== Segment start ==
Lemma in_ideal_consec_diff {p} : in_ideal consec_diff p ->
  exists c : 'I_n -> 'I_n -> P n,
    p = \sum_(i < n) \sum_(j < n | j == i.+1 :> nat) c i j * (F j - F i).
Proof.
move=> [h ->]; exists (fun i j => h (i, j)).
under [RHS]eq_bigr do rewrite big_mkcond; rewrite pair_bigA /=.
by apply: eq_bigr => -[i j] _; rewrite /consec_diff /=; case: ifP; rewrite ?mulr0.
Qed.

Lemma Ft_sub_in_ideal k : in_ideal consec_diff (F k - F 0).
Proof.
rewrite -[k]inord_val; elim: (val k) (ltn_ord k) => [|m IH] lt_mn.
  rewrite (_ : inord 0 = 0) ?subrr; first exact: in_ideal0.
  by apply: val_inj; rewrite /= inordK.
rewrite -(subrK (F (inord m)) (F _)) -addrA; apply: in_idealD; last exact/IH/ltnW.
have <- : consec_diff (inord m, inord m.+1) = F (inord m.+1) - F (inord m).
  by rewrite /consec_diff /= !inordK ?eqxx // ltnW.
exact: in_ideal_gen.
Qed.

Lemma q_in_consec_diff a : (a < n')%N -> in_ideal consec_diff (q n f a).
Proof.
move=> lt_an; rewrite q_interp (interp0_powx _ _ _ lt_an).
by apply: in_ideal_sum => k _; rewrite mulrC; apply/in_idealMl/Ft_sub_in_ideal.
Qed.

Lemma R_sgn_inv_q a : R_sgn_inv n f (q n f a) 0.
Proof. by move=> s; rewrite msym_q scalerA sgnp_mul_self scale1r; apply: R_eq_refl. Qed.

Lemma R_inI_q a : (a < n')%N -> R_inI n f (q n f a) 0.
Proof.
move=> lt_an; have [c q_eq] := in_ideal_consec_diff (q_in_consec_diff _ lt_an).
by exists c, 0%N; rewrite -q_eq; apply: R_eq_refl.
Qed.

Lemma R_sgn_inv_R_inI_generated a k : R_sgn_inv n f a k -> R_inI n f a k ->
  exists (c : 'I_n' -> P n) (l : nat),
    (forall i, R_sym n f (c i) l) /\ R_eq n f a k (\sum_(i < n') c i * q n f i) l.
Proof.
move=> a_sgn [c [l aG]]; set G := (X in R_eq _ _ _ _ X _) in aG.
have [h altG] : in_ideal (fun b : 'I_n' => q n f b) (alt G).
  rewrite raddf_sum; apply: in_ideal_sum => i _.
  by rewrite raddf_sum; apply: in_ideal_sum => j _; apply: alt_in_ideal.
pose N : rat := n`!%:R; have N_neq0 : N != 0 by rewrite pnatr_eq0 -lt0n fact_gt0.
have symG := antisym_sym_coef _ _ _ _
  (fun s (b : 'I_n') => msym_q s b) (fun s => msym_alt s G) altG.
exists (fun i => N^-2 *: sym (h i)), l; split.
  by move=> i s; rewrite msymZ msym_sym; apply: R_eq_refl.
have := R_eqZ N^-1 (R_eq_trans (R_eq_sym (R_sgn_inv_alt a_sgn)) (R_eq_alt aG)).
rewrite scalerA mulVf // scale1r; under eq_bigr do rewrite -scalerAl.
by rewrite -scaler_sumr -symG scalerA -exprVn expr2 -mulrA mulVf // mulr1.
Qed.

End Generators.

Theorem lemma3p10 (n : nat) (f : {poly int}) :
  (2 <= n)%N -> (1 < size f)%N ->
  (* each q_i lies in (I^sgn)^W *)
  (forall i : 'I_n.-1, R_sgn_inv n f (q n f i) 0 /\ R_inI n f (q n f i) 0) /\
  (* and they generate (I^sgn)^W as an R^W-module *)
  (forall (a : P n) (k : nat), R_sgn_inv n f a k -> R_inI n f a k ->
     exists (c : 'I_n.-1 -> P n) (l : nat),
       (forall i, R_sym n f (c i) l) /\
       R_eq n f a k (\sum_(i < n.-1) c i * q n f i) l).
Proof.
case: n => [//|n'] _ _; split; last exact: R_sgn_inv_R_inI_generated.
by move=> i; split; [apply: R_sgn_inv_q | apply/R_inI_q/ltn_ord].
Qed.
== Segment end ==
EXERCISE INSTRUCTIONS: I'd like every line with the string "scalerA" copied from the listing.

ANSWER SPACE:
Proof. by move=> s; rewrite msym_q scalerA sgnp_mul_self scale1r; apply: R_eq_refl. Qed.
rewrite scalerA mulVf // scale1r; under eq_bigr do rewrite -scalerAl.
by rewrite -scaler_sumr -symG scalerA -exprVn expr2 -mulrA mulVf // mulr1.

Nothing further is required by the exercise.